Cody Stavenhagen, The Athletic: First Look: Projecting Michigan’s 2019 defensive and special teams depth chart

“The good news: Lavert Hill is back after a First Team All-Big Ten season. Hill has started 25 games at corner, and though he likely would have been an NFL Draft pick, he is returning to build on the past two years and maybe become a first-day selection. Hill isn’t a true ballhawk (he has three career interceptions), but he’s a stingy shutdown corner. He’s listed at 5-11, 181, but he’s crafty enough to match up well with nearly any Big Ten receiver (though feel free to insert your joke about Ohio State and crossing patterns here).

The bad news: Long, Hill’s counterpart in shutting down opposing passing games, is going pro. That leaves a spot open. And there’s not a real frontrunner to fill it. Brandon Watson, who is graduated, played the majority of snaps at nickel, so there’s also not another Wolverine with a ton of legit game experience at this position.
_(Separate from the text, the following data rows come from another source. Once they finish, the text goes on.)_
Lemma bigdprod_Sym (r : seq {set T}) : uniq r -> {in r, forall X, splits_over X} ->
    {in r &, forall X Y : {set T}, X != Y -> [disjoint X & Y]} ->
  \big[dprod/1]_(X <- r) (G :&: Sym X) = G :&: Sym (\bigcup_(X <- r) X).
Proof.
elim: r => [_ _ _ | X r IHr /= /andP[rX r_uniq] splitXr dXr].
  rewrite !big_nil; apply/esym/trivgP/subsetP=> s /setIP[_].
  by rewrite inE => /perm_on_id ->; rewrite ?cards0.
have Xr : X \in X :: r := mem_head X r.
have rXr Y : Y \in r -> Y \in X :: r by rewrite inE => ->; rewrite orbT.
rewrite !big_cons IHr // => [|Y /rXr | Y Z /rXr rY /rXr rZ]; last 2 first.
- exact: splitXr.
- exact: dXr.
apply: dprod_Sym_setU; first exact: splitXr.
rewrite bigcup_seq; apply: bigcup_disjoint => Y rY; apply: dXr (rXr Y rY) _ => //.
by apply: contraNneq rX => ->.
Qed.

End SplitSupports.

Section BigComponents.
Variables (disp : Order.disp_t) (T : finPOrderType disp) (e : rel T).
Hypothesis e_sym : symmetric e.

Lemma mem_big_component A x : A \in big_components e -> x \in A ->
  A =i connect e x.
Proof.
case/setIdP=> _ /existsP[a /eqP->]; rewrite !inE => ax y; rewrite !inE.
by apply/idP/idP; apply: connect_trans; rewrite // (sym_connect_sym e_sym).
Qed.

Lemma big_component_closed A x y : A \in big_components e -> x \in A -> e x y ->
  y \in A.
Proof. by move=> compA xA xy; rewrite (mem_big_component compA xA) inE connect1. Qed.

Lemma big_component_eq A A' x : A \in big_components e -> A' \in big_components e ->
  x \in A -> x \in A' -> A = A'.
Proof.
move=> compA compA' xA xA'; apply/setP=> y.
by rewrite (mem_big_component compA xA) (mem_big_component compA' xA').
Qed.

Lemma big_component_edge A x : A \in big_components e -> x \in A ->
  exists y, e x y.
Proof.
move=> compA xA; have /setIdP[/card_gt1P[y [z [yA zA yz]]] _] := compA.
have [w wA wx] : exists2 w, w \in A & w != x.
  by case: (eqVneq y x) => [yx|]; [exists z; rewrite // -yx eq_sym | exists y].
move: wA; rewrite (mem_big_component compA xA) => /connectP[[|v p] /= ex wE].
  by rewrite wE eqxx in wx.
by exists v; case/andP: ex.
Qed.

Lemma big_component_of_edge x y : irreflexive e -> e x y ->
  [set z | connect e x z] \in big_components e.
Proof.
move=> e_irr xy; apply/setIdP; split; last by apply/existsP; exists x.
apply/card_gt1P; exists x, y; rewrite !inE connect0 connect1 //.
by split=> //; apply: contraTneq xy => <-; rewrite e_irr.
Qed.

Lemma big_component_const (rT : eqType) (f : T -> rT) A :
    A \in big_components e -> {in A, forall x y, e x y -> f x = f y} ->
  {in A &, forall x y, f x = f y}.
Proof.
move=> compA fE x y xA; rewrite (mem_big_component compA xA).
have fA : closed e [pred z | (z \in A) && (f z == f x)].
  apply: (intro_closed (sym_connect_sym e_sym)) => u v uv /andP[uA /eqP fu].
  by rewrite inE -fu (fE u uA v uv) eqxx (big_component_closed compA uA uv).
by move/(closed_connect fA); rewrite !inE xA eqxx => /esym/andP[_ /eqP].
Qed.

End BigComponents.

Section Crossings.
Variables (disp : Order.disp_t) (T : finPOrderType disp).
Implicit Types a b c d : T.

Lemma free31P : reflect
  (forall a b c d, a < b -> b < c -> d >< a -> d >< b -> d >< c -> False)
  (free31 T).
Proof.
apply: (iffP forallP) => [free a b c d ab bc da db dc | free a].
  by move: (free a) => /forallP/(_ b)/forallP/(_ c)/forallP/(_ d); rewrite ab bc da db dc.
by do 3!apply/forallP => ?; apply/negP => /and5P[]; apply: free.
Qed.

Lemma free31_comparable a b c d : free31 T ->
  a < b -> b < c -> d >< a -> d >< b -> d >=< c.
Proof. by move/free31P=> free ab bc da db; apply/negPn/negP; apply: free ab bc da db. Qed.

(* The relations [c < a] and [d < b] form an induced 2+2. *)
Definition crossing c a d b := [&& c < a, d < b, ~~ (c < b) & ~~ (d < a)].

Lemma crossingC c a d b : crossing c a d b = crossing d b c a.
Proof. by apply/and4P/and4P=> -[]. Qed.

Lemma crossing_incomparable c a d b :
  crossing c a d b -> [&& a >< b, c >< d & c >< b].
Proof.
case/and4P=> ca db ncb nda.
have nba : ~~ (b < a) by apply: contra nda; apply: lt_trans.
apply/and3P; split.
- case: (comparableP a b) nba => // [ab|ab] _; last by rewrite -ab ca in ncb.
  by rewrite (lt_trans ca ab) in ncb.
- case: (comparableP c d) => // [cd|dc|cd]; last by rewrite cd db in ncb.
    by rewrite (lt_trans cd db) in ncb.
  by rewrite (lt_trans dc ca) in nda.
case: (comparableP c b) ncb => // [bc|bc] _; last by rewrite -bc ca in nba.
by rewrite (lt_trans bc ca) in nba.
Qed.

Lemma toprP a b : reflect (exists c d, crossing c a d b) (topr a b).
Proof.
apply: (iffP andP) => [[/subsetPn[c] ca cb /subsetPn[d] db da] | [c [d]]].
  by exists c, d; rewrite !inE in ca cb db da; rewrite /crossing ca db cb da.
by case/and4P=> ca db ncb nda; split; apply/subsetPn; [exists c | exists d]; rewrite inE.
Qed.

Lemma botrP c d : reflect (exists a b, crossing c a d b) (botr c d).
Proof.
apply: (iffP andP) => [[/subsetPn[a] ca ad /subsetPn[b] db bc] | [a [b]]].
  by exists a, b; rewrite !inE in ca ad db bc; rewrite /crossing ca db ad bc.
by case/and4P=> ca db ncb nda; split; apply/subsetPn; [exists a | exists b]; rewrite inE.
Qed.

Lemma crossing_topr c a d b : crossing c a d b -> topr a b.
Proof. by move=> cr; apply/toprP; exists c, d. Qed.

Lemma crossing_botr c a d b : crossing c a d b -> botr c d.
Proof. by move=> cr; apply/botrP; exists a, b. Qed.

Lemma toprC : symmetric (@topr _ T).
Proof. by move=> a b; rewrite /topr andbC. Qed.

Lemma botrC : symmetric (@botr _ T).
Proof. by move=> a b; rewrite /botr andbC. Qed.

Lemma toprxx : irreflexive (@topr _ T).
Proof. by move=> a; rewrite /topr subxx. Qed.

Lemma botrxx : irreflexive (@botr _ T).
Proof. by move=> a; rewrite /botr subxx. Qed.

Lemma crossing_feet_connect c a d b c' d' b' :
  crossing c a d b -> crossing c' a d' b' -> connect (@botr _ T) c c'.
Proof.
move=> cr cr'; have cd := connect1 (crossing_botr cr).
have d'c' : connect (@botr _ T) d' c'.
  by apply/connect1; rewrite botrC; apply: crossing_botr cr'.
case/and4P: cr cr' => ca db ncb nda /and4P[c'a d'b' nc'b' nd'a].
have [db'|ndb'] := boolP (d < b').
  have c'd : crossing c' a d b' by rewrite /crossing c'a db' nc'b' nda.
  by apply: connect_trans cd (connect1 _); rewrite botrC; apply: crossing_botr c'd.
apply: connect_trans d'c'; have [d'b|nd'b] := boolP (d' < b).
  have cd' : crossing c a d' b by rewrite /crossing ca d'b ncb nd'a.
  exact/connect1/crossing_botr/cd'.
have dd' : crossing d b d' b' by rewrite /crossing db d'b' ndb' nd'b.
exact: connect_trans cd (connect1 (crossing_botr dd')).
Qed.

Lemma connect_topr_crossing a a' c d b c' d' b' : connect (@topr _ T) a a' ->
  crossing c a d b -> crossing c' a' d' b' -> connect (@botr _ T) c c'.
Proof.
move/connectP=> [p]; elim: p a c d b => [|v p IHp] a c d b /=.
  by move=> _ -> cr cr'; apply: crossing_feet_connect cr cr'.
case/andP=> /toprP[c0 [d0 cr0]] path_p last_p cr cr'.
apply: connect_trans (crossing_feet_connect cr cr0) _.
apply: connect_trans (connect1 (crossing_botr cr0)) _.
by apply: IHp path_p last_p _ cr'; rewrite crossingC; apply: cr0.
Qed.

End Crossings.

Lemma free31_dual (disp : Order.disp_t) (T : finPOrderType disp) :
  free31 T -> free31 T^d.
Proof.
move/free31P=> free; apply/free31P=> a b c d ab bc da db dc.
by apply: (free c b a d) => //; rewrite comparable_sym.
Qed.

Lemma crossing_dual (disp : Order.disp_t) (T : finPOrderType disp) (c a d b : T) :
  crossing (T:=T^d) c a d b = crossing a c b d.
Proof. by apply/and4P/and4P=> -[]. Qed.

Lemma connect_botr_crossing (disp : Order.disp_t) (T : finPOrderType disp)
    (c c' a d b a' d' b' : T) : connect (@botr _ T) c c' ->
  crossing c a d b -> crossing c' a' d' b' -> connect (@topr _ T) a a'.
Proof.
move=> cc' cr cr'; have := @connect_topr_crossing _ (T^d) c c' a b d a' b' d'.
by rewrite !crossing_dual; apply.
Qed.

Lemma topr_Uset (disp : Order.disp_t) (T : finPOrderType disp) (a b : T) :
  free31 T -> topr a b -> Uset a = Uset b.
Proof.
move=> free; wlog suff: a b / topr a b -> Uset a \subset Uset b.
  by move=> sub tab; apply/eqP; rewrite eqEsubset !sub // toprC.
case/toprP=> c [d cr]; apply/subsetP=> z; rewrite !inE => az.
have /and3P[ab _ cb] := crossing_incomparable cr.
case/and4P: cr => ca _ _ _.
have bz : b >=< z by apply: (free31_comparable free ca az); rewrite comparable_sym.
case: (comparableP b z) bz => // [zb|bz] _.
  by have := lt_trans az zb; rewrite (incomparable_ltF ab).
by move: az; rewrite -bz (incomparable_ltF ab).
Qed.

Lemma botr_Dset (disp : Order.disp_t) (T : finPOrderType disp) (c d : T) :
  free31 T -> botr c d -> Dset c = Dset d.
Proof. by move/free31_dual=> free; apply: (@topr_Uset _ (T^d) c d free). Qed.

Section Tangles.
Variables (disp : Order.disp_t) (T : finPOrderType disp).
Hypothesis free : free31 T.
Implicit Types a b c d x y z : T.
Implicit Types A B X Y : {set T}.

Local Notation topC := (@toprC _ T).
Local Notation botC := (@botrC _ T).

Lemma topr_botrF x y z : topr x y -> botr x z = false.
Proof.
case/toprP=> c [d cr1]; apply/negP; case/botrP=> p [q cr2].
have /setP Uxy := topr_Uset free (crossing_topr cr1).
have /setP Dxz := botr_Dset free (crossing_botr cr2).
have yE t : (y < t) = (x < t) by have := Uxy t; rewrite !inE.
have zE t : (t < z) = (t < x) by have := Dxz t; rewrite !inE.
have /and3P[_ _ cy] := crossing_incomparable cr1.
have /and3P[_ xz _] := crossing_incomparable cr2.
case/and4P: cr1 => cx _ _ _; case/and4P: cr2 => xp zq nxq nzp.
have yp : y < p by rewrite yE.
have yz : y >< z.
  case: (comparableP y z) => // [yz|zy|yz].
  - by rewrite yE (incomparable_ltF xz) in yz.
  - by rewrite (lt_trans zy yp) in nzp.
  by rewrite -yz yp in nzp.
have yq : y >=< q.
  by apply: (free31_comparable free (_ : c < z) zq); rewrite ?zE // comparable_sym.
case: (comparableP y q) yq => // [yq|qy|yq] _.
- by rewrite -yE yq in nxq.
- by rewrite (lt_trans zq (lt_trans qy yp)) in nzp.
by rewrite -yq in zq; rewrite (lt_trans zq yp) in nzp.
Qed.

Definition tangle_pair A B := [/\ A \in tops T, B \in bottoms T & matched A B].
Ambry Thomas hasn’t seen a ton of meaningful snaps, but he has the most game experience and even has an interception under his belt. A long list of other young players will be competing for this job. Myles Sims earned a lot of praise in camp last fall, and there seems to be positive vibes around Vincent Gray and Gemon Green.

All that said, the battle for Michigan’s No. 2 corner spot could be the team’s most notable — and most wide-open — battle in fall camp.”